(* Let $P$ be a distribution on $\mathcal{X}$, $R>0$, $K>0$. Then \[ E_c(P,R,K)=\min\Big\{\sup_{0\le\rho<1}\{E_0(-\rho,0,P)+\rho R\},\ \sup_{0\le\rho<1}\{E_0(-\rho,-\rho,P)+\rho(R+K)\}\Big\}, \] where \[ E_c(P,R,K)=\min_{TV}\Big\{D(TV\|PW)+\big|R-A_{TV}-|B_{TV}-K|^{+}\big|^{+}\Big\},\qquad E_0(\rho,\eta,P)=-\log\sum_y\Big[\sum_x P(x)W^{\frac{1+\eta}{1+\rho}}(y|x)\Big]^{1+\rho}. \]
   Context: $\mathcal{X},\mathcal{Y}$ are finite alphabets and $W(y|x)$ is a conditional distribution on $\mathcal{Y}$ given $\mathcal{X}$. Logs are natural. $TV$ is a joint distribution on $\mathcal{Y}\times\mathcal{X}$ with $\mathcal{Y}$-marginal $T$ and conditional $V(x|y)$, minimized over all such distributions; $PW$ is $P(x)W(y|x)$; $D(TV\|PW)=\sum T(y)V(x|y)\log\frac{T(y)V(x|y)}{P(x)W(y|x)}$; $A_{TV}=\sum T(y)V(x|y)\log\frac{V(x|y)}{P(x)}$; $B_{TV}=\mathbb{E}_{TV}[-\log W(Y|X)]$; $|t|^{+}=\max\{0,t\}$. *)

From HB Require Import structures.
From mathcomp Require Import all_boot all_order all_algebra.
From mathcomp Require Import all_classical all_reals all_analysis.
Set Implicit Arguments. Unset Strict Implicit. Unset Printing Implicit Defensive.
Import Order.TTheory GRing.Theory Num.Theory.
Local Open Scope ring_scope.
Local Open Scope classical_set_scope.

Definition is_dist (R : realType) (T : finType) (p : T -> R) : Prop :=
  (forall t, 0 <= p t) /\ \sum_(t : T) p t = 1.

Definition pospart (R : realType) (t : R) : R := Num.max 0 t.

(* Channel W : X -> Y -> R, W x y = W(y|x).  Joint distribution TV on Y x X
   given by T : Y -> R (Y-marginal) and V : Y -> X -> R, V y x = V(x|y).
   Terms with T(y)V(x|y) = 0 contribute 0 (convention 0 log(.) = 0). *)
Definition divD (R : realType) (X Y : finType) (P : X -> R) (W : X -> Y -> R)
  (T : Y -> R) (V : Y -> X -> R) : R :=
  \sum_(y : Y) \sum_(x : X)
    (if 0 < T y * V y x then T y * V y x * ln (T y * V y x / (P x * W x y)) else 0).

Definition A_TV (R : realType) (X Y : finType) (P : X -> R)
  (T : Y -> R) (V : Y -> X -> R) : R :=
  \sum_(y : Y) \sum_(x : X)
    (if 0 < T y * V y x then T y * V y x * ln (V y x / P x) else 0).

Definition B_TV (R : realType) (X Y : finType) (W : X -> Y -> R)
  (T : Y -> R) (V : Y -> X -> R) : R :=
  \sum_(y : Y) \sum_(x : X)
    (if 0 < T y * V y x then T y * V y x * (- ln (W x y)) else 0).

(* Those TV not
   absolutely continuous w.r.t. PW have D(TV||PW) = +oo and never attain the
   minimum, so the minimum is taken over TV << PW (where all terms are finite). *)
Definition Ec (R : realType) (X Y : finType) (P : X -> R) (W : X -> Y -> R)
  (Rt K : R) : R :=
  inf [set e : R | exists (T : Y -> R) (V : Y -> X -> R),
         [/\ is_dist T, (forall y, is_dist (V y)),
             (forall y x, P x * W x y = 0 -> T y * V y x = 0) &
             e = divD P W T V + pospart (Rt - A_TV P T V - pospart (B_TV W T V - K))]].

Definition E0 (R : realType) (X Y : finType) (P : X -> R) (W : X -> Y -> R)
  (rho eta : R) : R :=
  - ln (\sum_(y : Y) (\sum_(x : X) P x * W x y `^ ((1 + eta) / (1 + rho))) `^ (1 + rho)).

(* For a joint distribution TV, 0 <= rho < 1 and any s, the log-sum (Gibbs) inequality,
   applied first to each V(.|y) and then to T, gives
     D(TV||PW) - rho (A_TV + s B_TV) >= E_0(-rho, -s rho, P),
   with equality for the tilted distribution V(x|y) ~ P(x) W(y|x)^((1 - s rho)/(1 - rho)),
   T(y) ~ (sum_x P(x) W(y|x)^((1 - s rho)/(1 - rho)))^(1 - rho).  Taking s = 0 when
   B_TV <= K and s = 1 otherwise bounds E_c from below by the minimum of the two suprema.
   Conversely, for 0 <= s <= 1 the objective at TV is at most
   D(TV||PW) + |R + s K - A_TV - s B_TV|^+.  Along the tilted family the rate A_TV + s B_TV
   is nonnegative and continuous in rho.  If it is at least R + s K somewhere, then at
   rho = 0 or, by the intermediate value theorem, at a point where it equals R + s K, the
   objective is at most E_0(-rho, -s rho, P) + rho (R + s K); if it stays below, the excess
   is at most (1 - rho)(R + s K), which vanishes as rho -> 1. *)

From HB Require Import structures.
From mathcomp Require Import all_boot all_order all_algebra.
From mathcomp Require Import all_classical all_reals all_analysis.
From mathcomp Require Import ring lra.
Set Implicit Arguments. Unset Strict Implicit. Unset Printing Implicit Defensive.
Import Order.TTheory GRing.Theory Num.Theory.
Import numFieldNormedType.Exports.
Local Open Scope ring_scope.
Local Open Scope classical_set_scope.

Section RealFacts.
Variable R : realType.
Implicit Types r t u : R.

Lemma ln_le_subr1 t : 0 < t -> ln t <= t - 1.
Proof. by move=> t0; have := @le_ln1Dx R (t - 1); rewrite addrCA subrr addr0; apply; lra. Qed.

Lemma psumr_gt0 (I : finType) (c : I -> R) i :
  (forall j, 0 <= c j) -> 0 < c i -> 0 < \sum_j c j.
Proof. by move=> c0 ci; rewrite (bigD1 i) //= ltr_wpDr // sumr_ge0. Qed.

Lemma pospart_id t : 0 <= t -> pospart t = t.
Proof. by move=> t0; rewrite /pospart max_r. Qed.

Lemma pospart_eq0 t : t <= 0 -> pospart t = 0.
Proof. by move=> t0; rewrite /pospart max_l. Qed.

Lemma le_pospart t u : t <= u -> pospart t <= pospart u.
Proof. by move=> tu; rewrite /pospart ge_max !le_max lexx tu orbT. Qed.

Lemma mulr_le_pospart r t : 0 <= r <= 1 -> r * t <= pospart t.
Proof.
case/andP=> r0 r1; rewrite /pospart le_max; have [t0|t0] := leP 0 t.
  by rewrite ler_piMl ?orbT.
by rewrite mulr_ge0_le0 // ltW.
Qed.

- - -

**WHAT IS BEING ASKED**
Search the data above for the string "continuous" and copy each line that has it.

**YOUR SOLUTION**
   absolutely continuous w.r.t. PW have D(TV||PW) = +oo and never attain the
   is nonnegative and continuous in rho.  If it is at least R + s K somewhere, then at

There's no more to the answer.